Сумерки густели, словно в воздухе разливали чернила. Ветерок трепал тенты на палатках. Взрытая колея от колес Нивы огибала лагерь двойным рвом и тонула в густой тени раньше, чем ныряла в заводь. Странно, что Виктор угадал брод…
Степан перевалился на живот и пополз к Вике.
Мертвая кровь свинцовой дробью колыхалась в локтях, правое колено бороздило гравий, левый ботинок вытянутой ноги вспахивал берег. Ферменты выгрызали клеточные мембраны, жидкости тянуло к земле. Ньютон был счастливый дядька, ему только яблоко на голову упало. Закона, по которому живое уподобляется мертвому, он не открыл…
Мысли путались. Если это вообще мысли. Аутолиз идет полным ходом. Клетки мозга, содержащего много воды, разрушаются в первую очередь. Печень тоже, но с эти он как-нибудь смирится. Моргать стало тяжело, занемела челюсть и плохо крутится шея. Филаментные белки застывают в одном положении. Черт, роговица сохнет… Он ощупывал камни перед собой почти вслепую. Пальцы натыкались на коробочки бесполезных лекарств, шуршащие упаковки, тугие валики стерильных бинтов и отбрасывали…
Лицо Вики смутно белело.
Он не ошибся. Никак не думал, что настолько. Глупо. Глупо забывать, что у каждой медали две стороны, а у его избирательной эмпатии может оказаться побочный эффект — смерть наживую. Степан хрипло рассмеялся, воздух из легких карканьем вырывался сквозь немеющую гортань. Странно. Сердце еще бьется, основные рефлексы не угнетены, но суставы уже теряют подвижность, деревенеют мышцы…

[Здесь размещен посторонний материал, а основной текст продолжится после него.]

Lemma faithful_gset_cost_subset n (g : 'I_n -> gT) : faithful_gset_cost g (set_cost g act Y).
Proof.
exists #|Y|, enum_ract; split; [split|split].
- by move=> q; apply: enum_val_inj; rewrite enum_ractE act1 // enum_valP.
- by move=> q a b; apply: enum_val_inj; rewrite !enum_ractE actM // enum_valP.
- move=> a fix_a; apply: act_faithful => y Yy.
  by have := congr1 enum_val (fix_a (enum_rank_in Yy y)); rewrite enum_ractE enum_rankK_in.
rewrite gset_costE /set_cost cardsT card_ord; congr (_ - _)%N.
rewrite (big_enum_val (A := mem Y)); apply: eq_big => [q|q _]; first by rewrite inE.
by apply: eq_card => i; rewrite !inE /fixes_index -(inj_eq enum_val_inj) enum_ractE.
Qed.

End GSetOnSubset.

Lemma faithful_gset_cost_exists (gT : finGroupType) n (g : 'I_n -> gT) :
  exists c, faithful_gset_cost g c.
Proof.
exists (set_cost g (fun y a : gT => y * a) [set: gT]).
apply: faithful_gset_cost_subset => [a y _|y _|a b y _|a fix_a].
- by rewrite inE.
- exact: mulg1.
- exact: mulgA.
- by rewrite -[a]mul1g fix_a ?inE.
Qed.

Section ReesDiagonal.
Variables (gT : finGroupType) (n : nat) (g : 'I_n.+1 -> gT).
Hypothesis g_val0 : forall i : 'I_n.+1, val i = 0%N -> g i = 1.
Hypothesis g_neq1 : forall i : 'I_n.+1, val i <> 0%N -> g i <> 1.

Let g_ord0 : g ord0 = 1 := g_val0 (i := ord0) erefl.

Let g_eq1 i : g i = 1 -> i = ord0.
Proof.
move=> gi1; have [i0|/eqP i_neq0] := eqVneq (val i) 0%N; first exact: val_inj.
by case: (g_neq1 i_neq0).
Qed.

Local Notation C := (diag_sandwich g).
Local Notation mul := (rees_mul C).
Local Notation S := (rees_elt gT n.+1).

Lemma diag_sandwich0l i : C ord0 i = 1.
Proof. by rewrite /diag_sandwich; case: eqP => // <-. Qed.

Lemma diag_sandwich0r i : C i ord0 = 1.
Proof. by rewrite /diag_sandwich; case: eqP => // ->. Qed.

Lemma diag_sandwich_diag i : C i i = g i.
Proof. by rewrite /diag_sandwich eqxx. Qed.

Lemma diag_sandwich_offdiag i j : i != j -> C i j = 1.
Proof. by rewrite /diag_sandwich => /negbTE ->. Qed.

Section UpperBound.
Variables (k : nat) (act : 'I_k -> gT -> 'I_k).
Hypothesis act_ok : is_raction act.
Hypothesis act_faithful : faithful_raction act.

Local Notation fixes := (fixes_index g act).

Definition collapse (p : 'I_k * 'I_n.+1) : 'I_k * 'I_n.+1 :=
  if fixes p.1 p.2 then (p.1, ord0) else p.

Definition rees_ract (p : 'I_k * 'I_n.+1) (s : S) : 'I_k * 'I_n.+1 :=
  let: (i, a, l) := s in (act p.1 (C p.2 i * a), l).

Lemma collapse_fst p : (collapse p).1 = p.1.
Proof. by rewrite /collapse; case: ifP. Qed.

Lemma collapse_kept p : collapse p \in kept_pairs g act [set: 'I_k].
Proof. by rewrite /collapse !inE; case: ifP => [_|->] //=; rewrite /fixes_index eqxx. Qed.

Lemma rees_ract_collapse p s : rees_ract (collapse p) s = rees_ract p s.
Proof.
case: p => x j; case: s => [[i a] l]; rewrite /collapse.
case: ifP => //= /andP[_ /eqP xgj]; congr (_, _).
rewrite diag_sandwich0l mul1g; have [<-|neq_ji] := eqVneq j i.
  by rewrite diag_sandwich_diag (ractionM act_ok) xgj.
by rewrite diag_sandwich_offdiag // mul1g.
Qed.

Lemma rees_ractM p s t : rees_ract p (mul s t) = rees_ract (rees_ract p s) t.
Proof.
case: p => x j; case: s => [[i a] l]; case: t => [[i' b] l'].
by rewrite /= -!(ractionM act_ok) !mulgA.
Qed.

Lemma collapse_snd_neq_ord0 l l' :
  (forall x, (collapse (x, l)).2 = (collapse (x, l')).2) -> l != l' -> l = ord0.
Proof.
move=> eq_l neq_ll'; apply: g_eq1.
apply: (faithful_raction_inj act_ok act_faithful) => x; rewrite (raction1 act_ok).
have := eq_l x; rewrite /collapse /fixes_index /=.
have [/eqP //|_ /=] := boolP (act x (g l) == x).
rewrite andbF; case: ifP => _ /= eq_l0; last by rewrite eq_l0 eqxx in neq_ll'.
by rewrite eq_l0 g_ord0 (raction1 act_ok).
Qed.

Lemma collapse_snd_inj l l' :
  (forall x, (collapse (x, l)).2 = (collapse (x, l')).2) -> l = l'.
Proof.
move=> eq_l; have [//|neq_ll'] := eqVneq l l'.
have eq_l' x : (collapse (x, l')).2 = (collapse (x, l)).2 by rewrite eq_l.
by rewrite (collapse_snd_neq_ord0 eq_l neq_ll') (collapse_snd_neq_ord0 eq_l') // eq_sym.
Qed.
Lemma mk_cball_le_Hmeas N th thi S K1 K2 :
  (forall j, (j < N)%N -> 0 <= thi j) -> 0 < K1 -> 0 <= K2 ->
  (forall j, (j < N)%N -> ADR_bounds d mu (thi j) K1 K2 (S j)) ->
  exists2 C, 0 < C & forall i k x xu, (i < N)%N -> S i x -> d xu x <= c * 2 ^- k ->
    (mk d mu N th thi S k (cball d xu (c * 2 ^- k))
       <= (C * powR 2 (k%:R * (th - thi i)))%:E
          * Hmeas d mu (thi i) (cball d x (2 ^- k) `&` S i))%E.
Proof.
move=> thi0 K1_gt0 K20 hb.
set A := \sum_(j < N) D ^+ 3 * K2 * powR (2 * c) (thi j).
have A0 : 0 <= A.
  rewrite sumr_ge0 // => j _.
  by rewrite !mulr_ge0 ?powR_ge0 ?exprn_ge0 ?(le_trans ler01 D_ge1).
have C_gt0 : 0 < A / K1 + 1 by have := divr_ge0 A0 (ltW K1_gt0); lra.
exists (A / K1 + 1) => // i k x xu iN Sx xux.
apply: le_trans (mk_cball_le th thi0 K20 hb xux) _.
rewrite -/A [in X in (_ <= X)%E]EFinM -muleA.
have C0 : (0 <= (A / K1 + 1)%:E)%E by rewrite lee_fin ltW.
apply: le_trans (lee_wpmul2l C0 (weighted_Hmeas_cball_ge th k (hb i iN) Sx)).
rewrite -EFinM lee_fin.
set m := fine (mu (cball d x (2 ^- k))); set T := powR 2 (k%:R * th).
have m0 : 0 <= m by rewrite fine_ge0 ?outer_measure_ge0.
have T0 : 0 <= T by rewrite powR_ge0.
rewrite (_ : (A / K1 + 1) * (K1 * m * T) = A * m * T + K1 * m * T); last first.
  by field; rewrite gt_eqF.
by rewrite lerDl !mulr_ge0 // ltW.
Qed.

End WeightedMeasure.
(* The lottery [s k] is still on offer at level [k + 1]. *)
Let utility_step k :
  scaled_utility k (s k) - lot_value q (s k) / (4 * m)%:R <= scaled_utility k.+1 (s k.+1).
Proof.
have -> : scaled_utility k (s k) - lot_value q (s k) / (4 * m)%:R = scaled_utility k.+1 (s k).
  by rewrite !scaled_utility_lin price_scaleS; ring.
exact: s_opt.
Qed.

Lemma scaled_item_profits_bound :
  price - 2 * lot_value c lam <=
  \sum_(k < 4 * m - 2) 2 / k.+2%:R * (price_scale k * lot_value q (s k)).
Proof.
set K := (4 * m - 2)%N; set Z := fun k => lot_value q (s k) / (4 * m)%:R.
have telescoped : - \sum_(k < K) Z k <= scaled_utility K (s K) - scaled_utility 0 (s 0).
  rewrite -(telescope_sumr (fun k => scaled_utility k (s k)) (leq0n K)).
  rewrite big_mkord -sumrN; apply: ler_sum => k _.
  by have := utility_step k; rewrite /Z; lra.
have -> : \sum_(k < K) 2 / k.+2%:R * (price_scale k * lot_value q (s k)) = 2 * \sum_(k < K) Z k.
  rewrite mulr_sumr; apply: eq_bigr => k _; rewrite /Z /price_scale.
  by rewrite !mulrA mulfVK ?pnatr_eq0 // mulrAC.
by move: telescoped first_utility_ge last_utility_le; lra.
Qed.

End ScaledItemPrices.

Lemma buy_many_profit_le (R : realType) (m : nat) (p : lottery R m -> R) (v c : 'I_m -> R)
    (lam : lottery R m) :
  buy_many p -> nonneg_vec v -> (forall j, 0 <= c j) -> optimal_choice p v lam ->
  p lam - lot_value (fun j => 2 * c j) lam <=
  \sum_(k < 4 * m - 2) 2 / k.+2%:R * (price_scale R m k * lot_value (unit_price p)
     (item_choice (fun j => v j - (c j + price_scale R m k * unit_price p j)))).
Proof.
move=> p_bm v_ge0 c_ge0 lam_opt; have [lam_lot _] := lam_opt.
rewrite lot_valueZ; apply: (scaled_item_profits_bound
  (s := fun k => item_choice (fun j => v j - (c j + price_scale R m k * unit_price p j)))) => //.
- exact: p_bm.1.
- exact: buy_many_utility_ge0.
- by move=> j; apply: buy_many_unit_price.
- by move=> j; apply: mul_unit_price_le p_bm.1 _ _ lam_lot.
- by move=> k; apply: item_choice_lottery.
- by move=> k mu; apply: item_choice_max.
Qed.

(* [ln] is concave, so [1 / (k + 2) <= ln (k + 2) - ln (k + 1)]. *)
Lemma sum_inv_le_ln (R : realType) n : \sum_(k < n) (k.+2%:R : R)^-1 <= ln n.+1%:R.
Proof.
elim: n => [|n IH]; first by rewrite big_ord0 ln1.
rewrite big_ord_recr /= -[ln _](subrK (ln (n.+1%:R : R))) addrC lerD //.
have n2_gt0 : (0 : R) < n.+2%:R by rewrite ltr0n.
have : ln (1 - (n.+2%:R : R)^-1) <= - (n.+2%:R)^-1.
  by apply: le_ln1Dx; rewrite ltrN2 invf_lt1 // ltr1n.
have -> : 1 - (n.+2%:R : R)^-1 = n.+1%:R / n.+2%:R.
  by rewrite -[n.+2]addn1 natrD; field; apply: lt0r_neq0; have := ler0n R n; lra.
by rewrite ln_div ?posrE ?ltr0n // lerNr opprB.
Qed.

Lemma sum_inv_le_ln4m (R : realType) m :
  \sum_(k < 4 * m - 2) (k.+2%:R : R)^-1 <= ln (4 * m%:R).
Proof.
case: m => [|m]; first by rewrite muln0 big_ord0 mulr0n mulr0 ln0.
apply: le_trans (@sum_inv_le_ln R _) _.
by rewrite ler_ln ?posrE ?ltr0n ?mulr_gt0 // -natrM ler_nat ltn_subrL muln_gt0.
Qed.

Section WeightedIntegrals.
Variables (d : measure_display) (T : measurableType d) (R : realType).
Variable mu : {measure set T -> \bar R}.
Local Open Scope ereal_scope.

Lemma integral_le_nonneg_majorant (f g : T -> R) :
  measurable_fun setT f -> measurable_fun setT g ->
  (forall t, (0 <= g t)%R) -> (forall t, (f t <= g t)%R) ->
  \int[mu]_t (f t)%:E <= \int[mu]_t (g t)%:E.
Proof.
move=> f_meas g_meas g_ge0 f_le_g; rewrite integralE.
apply: le_trans (geeDl _ _) _.
  by rewrite oppe_le0; apply: integral_ge0 => t _; exact: funeneg_ge0.
apply: ge0_le_integral => //.
- by apply: measurable_funepos; exact/measurable_EFinP.
- exact/measurable_EFinP.
- by move=> t _; rewrite funeposE ge_max !lee_fin f_le_g g_ge0.
Qed.

Lemma ge0_integral_weighted_sum n (a : nat -> R) (g : nat -> T -> R) :
  (forall k, (0 <= a k)%R) -> (forall k t, (0 <= g k t)%R) ->
  (forall k, measurable_fun setT (g k)) ->
  \int[mu]_t (\sum_(k < n) a k * g k t)%:E =
  \sum_(k < n) (a k)%:E * \int[mu]_t (g k t)%:E.
Proof.
move=> a_ge0 g_ge0 g_meas; under eq_integral do rewrite -sumEFin.
rewrite ge0_integral_sum //.
- apply: eq_bigr => k _; under eq_integral do rewrite EFinM.
  by rewrite ge0_integralZl_EFin //; [move=> t _; rewrite lee_fin | exact/measurable_EFinP].
- by move=> k; apply/measurable_EFinP; apply: measurable_funM => //; exact: measurable_cst.
- by move=> k t _; rewrite lee_fin mulr_ge0.
Qed.

End WeightedIntegrals.

Lemma lee_sum_weighted (R : realDomainType) n (a : nat -> R) (x : nat -> \bar R) (S : \bar R) :
  (forall k, (0 <= a k)%R) -> (forall k, (x k <= S)%E) ->
  (\sum_(k < n) (a k)%:E * x k <= (\sum_(k < n) a k)%:E * S)%E.
Proof.
move=> a_ge0 x_le; rewrite -sumEFin ge0_sume_distrl; last by move=> k _; rewrite lee_fin.
by apply: lee_sum => k _; apply: lee_wpmul2l; rewrite ?lee_fin.
Qed.

Lemma item_choice_admissible (R : realType) (m : nat) (d : measure_display)
    (T : measurableType d) (val : T -> 'I_m -> R) (c w : 'I_m -> R) :
  (forall j, measurable_fun setT (fun t => val t j)) ->
  admissible val (item_pricing w) c (fun t => item_choice (fun j => val t j - w j)).
Proof.
move=> val_meas; split=> [t|]; first exact: item_choice_optimal.
have u_meas j : measurable_fun setT (fun t => val t j - w j).
  by apply: measurable_funB => //; exact: measurable_cst.
by apply: measurable_funB; exact: measurable_lot_value_item_choice.
Qed.

Theorem theorem6 (R : realType) (m : nat) (d : measure_display)
  (T : measurableType d) (P : probability T R) (val : T -> 'I_m -> R)
  (c : 'I_m -> R) :
  (forall t j, 0 <= val t j) ->
  (forall j, measurable_fun setT (fun t => val t j)) ->
  (forall j, 0 <= c j) ->
  (BuyManyProfit P val (fun j => (2 * c j)%R)
     <= ((2 * ln (4 * m%:R))%R)%:E * SProfit P val c)%E.
Proof.
move=> val_ge0 val_meas c_ge0.
apply: ge_ereal_sup => _ [p [sel [p_bm [sel_opt profit_meas] ->]]].
have q_ge0 := unit_price_ge0 p_bm.1.
pose w k j := c j + price_scale R m k * unit_price p j.
pose s k t := item_choice (fun j => val t j - w k j).
pose g k := profit_integrand (item_pricing (w k)) c (s k).
pose a k : R := 2 / k.+2%:R.
have a_ge0 k : 0 <= a k by rewrite divr_ge0.
have g_adm k : admissible val (item_pricing (w k)) c (s k) by exact: item_choice_admissible.
have g_scaled k t : g k t = price_scale R m k * lot_value (unit_price p) (s k t).
  by rewrite /g /profit_integrand /item_pricing lot_valueD lot_valueZ addrAC subrr add0r.
have g_ge0 k t : 0 <= g k t.
  by rewrite g_scaled mulr_ge0 ?price_scale_ge0 ?(lot_value_ge0 q_ge0 (item_choice_lottery _)).
have g_le k : (Profit P (item_pricing (w k)) c (s k) <= SProfit P val c)%E.
  apply: ereal_sup_ubound; exists (w k), (s k); split=> // j.
  by rewrite /w addr_ge0 ?mulr_ge0 ?price_scale_ge0.
have S_ge0 : (0 <= SProfit P val c)%E.
  by apply: le_trans (g_le 0%N); apply: integral_ge0 => t _; rewrite lee_fin; exact: g_ge0.
apply: (@le_trans _ _ (\int[P]_t (\sum_(k < 4 * m - 2) a k * g k t)%:E)%E).
  apply: integral_le_nonneg_majorant => // [|t|t].
  - apply: measurable_sum => k; apply: measurable_funM; first exact: measurable_cst.
    exact: (g_adm k).2.
  - by apply: sumr_ge0 => k _; rewrite mulr_ge0.
  - under eq_bigr do rewrite g_scaled.
    exact: buy_many_profit_le (sel_opt t).
rewrite ge0_integral_weighted_sum // => [|k]; last exact: (g_adm k).2.
apply: le_trans (lee_sum_weighted _ a_ge0 g_le) _.
by rewrite lee_wpmul2r // lee_fin -mulr_sumr ler_wpM2l // sum_inv_le_ln4m.
Qed.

Сколько это еще будет продолжаться? Во что он превратится? Кто знает…
Кто знает?!
Ветер в темноте зашумел, призывно застучал ветвями Илгун-Ты. Избушку в корнях было уже не разглядеть, лишь явственно чернел дверной проем.
Степан приподнялся на руках, озираясь. Идти он не сможет, нести Вику — тем более. Остается одно — ползти и тащить волоком тело на чем-то вроде… Вот! Отстегнутый и аккуратно сложенный с утра полог от тамбура палатки: двойная пропитка, полиэфирное волокно… Он провозился минуты две, расстилая у тела полотнище. Голый живот Вики, к которому он прикоснулся, перекатывая скованное окоченением тело на ткань, казался теплым. Обман. Еще, возможно, подмышками или в паху… Нет, это его собственные руки холодны, как вода в Кие. Степан завязал узлом края полога над головой девушки. Переполз в ноги, ухватил углы, примерился, потянул…
Да, не быстро.
Он потащил тело по прямой, ногами вперед, прихватив у палатки подвернувшийся под руку фонарь. Плохо гнулась неповрежденная нога. Присвистывала по гальке ткань палатки, тальник шелестел в темноте, хрустели камни под каблуком, мелкая волна плескала на берег тихо, невидимо. Сырость плыла по-над берегом, постепенно пропитывая все вокруг. Эскизы Оксаны, на которые о натолкнулся, отяжелели как лоскуты мертвой татуированной кожи: человеко-звери, зверо-люди, фантастическое нагромождение линий и переплетение штрихов; безглазая голова с распахнутым ртом под нахлобученной изломанной крышей. Пахло мокрым песком и углем…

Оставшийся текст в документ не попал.